Exercise directions
Below are several entries. Transcribe exactly those lines that fall from the one with "by apply/andP; split=>" through the one with "case: (@arg_maxnP _", end lines included.

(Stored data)

Lemma flip_diff x y : flip x [set p | x p != y p] = y.
Proof. by apply/ffunP=> p; rewrite flipE inE; case: (x p); case: (y p). Qed.

Lemma flip_neq x A p : (flip x A p != x p) = (p \in A).
Proof. by rewrite flipE; case: (x p); case: (p \in A). Qed.

End Flip.

Section TrivIset.
Variable T : finType.
Implicit Types (P : {set {set T}}) (D : {set T}).

Lemma trivIset_leq_card P D :
  trivIset P -> {in P, forall B, B :&: D != set0} -> (#|P| <= #|D|)%N.
Proof.
move=> tP meetD; have [->|[B0 B0P]] := set_0Vmem P; first by rewrite cards0.
have [p0 _] := set0Pn _ (meetD B0 B0P).
pose c B := odflt p0 [pick p in B :&: D].
have cP B : B \in P -> c B \in B :&: D.
  by move/meetD/set0Pn=> [p pB]; rewrite /c; case: pickP => // /(_ p); rewrite pB.
have c_inj : {in P &, injective c}.
  move=> B B' BP B'P eqc; apply/eqP/negPn/negP => /(trivIsetP tP B B' BP B'P).
  by move/disjointFr/(_ (setIP (cP B BP)).1); rewrite eqc (setIP (cP B' B'P)).1.
rewrite -(card_in_imset c_inj); apply/subset_leq_card/subsetP=> _ /imsetP[B BP ->].
exact: (setIP (cP B BP)).2.
Qed.

Lemma exists_transversal P : set0 \notin P ->
  exists2 S : {set T}, (#|S| <= #|P|)%N & {in P, forall B, B :&: S != set0}.
Proof.
move=> P0; have [->|[B0 B0P]] := set_0Vmem P.
  by exists set0 => [|B]; rewrite ?cards0 ?in_set0.
have [p0 _] : exists p, p \in B0 by apply/set0Pn; apply: contraNneq P0 => <-.
pose c (B : {set T}) := odflt p0 [pick p in B].
exists (c @: P); first exact: leq_imset_card.
move=> B BP; apply/set0Pn; exists (c B); rewrite inE imset_f // andbT /c.
have [p pB] : exists p, p \in B by apply/set0Pn; apply: contraNneq P0 => <-.
by case: pickP => // /(_ p); rewrite pB.
Qed.

End TrivIset.

Section BlockSensitivity.
Variables (N : nat) (f : input N -> bool).
Implicit Types (x y : input N) (B S : {set 'I_N}) (F : {set {set 'I_N}}).

Definition sensitive x B := f (flip x B) != f x.

Definition sensitive_family x F := trivIset F && [forall B in F, sensitive x B].

Definition bs := \max_(xF | sensitive_family xF.1 xF.2) #|xF.2|.

Lemma sensitive_neq0 x B : sensitive x B -> B != set0.
Proof. by apply: contraNneq => ->; rewrite /sensitive flip0 eqxx. Qed.

Lemma sensitive_family0 x : sensitive_family x set0.
Proof. by apply/andP; split; [apply/trivIsetP|apply/forall_inP] => B; rewrite inE. Qed.

Lemma sensitive_familyP x F :
  sensitive_family x F ->
  [/\ trivIset F, {in F, forall B, sensitive x B} & set0 \notin F].
Proof.
case/andP=> tF /forall_inP sF; split=> //.
by apply/negP=> /sF/sensitive_neq0; rewrite eqxx.
Qed.

Lemma leq_card_bs x F : sensitive_family x F -> (#|F| <= bs)%N.
Proof. by move=> sF; apply: (leq_bigmax_cond (x, F)). Qed.

Lemma sensitive_familyU1 x F B :
  sensitive_family x F -> sensitive x B -> [disjoint B & cover F] ->
  sensitive_family x (B |: F) /\ #|B |: F| = #|F|.+1.
Proof.
case/sensitive_familyP=> tF sF F0 sB /bigcup_disjointP dBF.
have [tBF BnF] := trivIsetU1 dBF tF F0; rewrite cardsU1 BnF; split=> //.
by apply/andP; split=> //; apply/forall_inP=> C /setU1P[->|/sF].
Qed.

Lemma bs_attained : exists x F, sensitive_family x F /\ #|F| = bs.
Proof.
have s0 := sensitive_family0 [ffun=> false].
case: (@arg_maxnP _ ([ffun=> false], set0) [pred xF | sensitive_family xF.1 xF.2]
                  (fun xF => #|xF.2|) s0) => -[x F] /= sF maxF.
exists x, F; split=> //; apply/eqP; rewrite eqn_leq (leq_card_bs sF) /=.
by apply/bigmax_leqP=> -[y G]; apply: maxF.
Qed.

Lemma bs_gt0 : (exists x y, f x != f y) -> (0 < bs)%N.
Proof.
move=> [x [y fxy]]; rewrite -(cards1 [set p | x p != y p]).
apply: (@leq_card_bs x).
rewrite /sensitive_family trivIset1; apply/forall_inP=> B /set1P->.
by rewrite /sensitive flip_diff eq_sym.
Qed.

Answer to this problem
by apply/andP; split=> //; apply/forall_inP=> C /setU1P[->|/sF].
Qed.

Lemma bs_attained : exists x F, sensitive_family x F /\ #|F| = bs.
Proof.
have s0 := sensitive_family0 [ffun=> false].
case: (@arg_maxnP _ ([ffun=> false], set0) [pred xF | sensitive_family xF.1 xF.2]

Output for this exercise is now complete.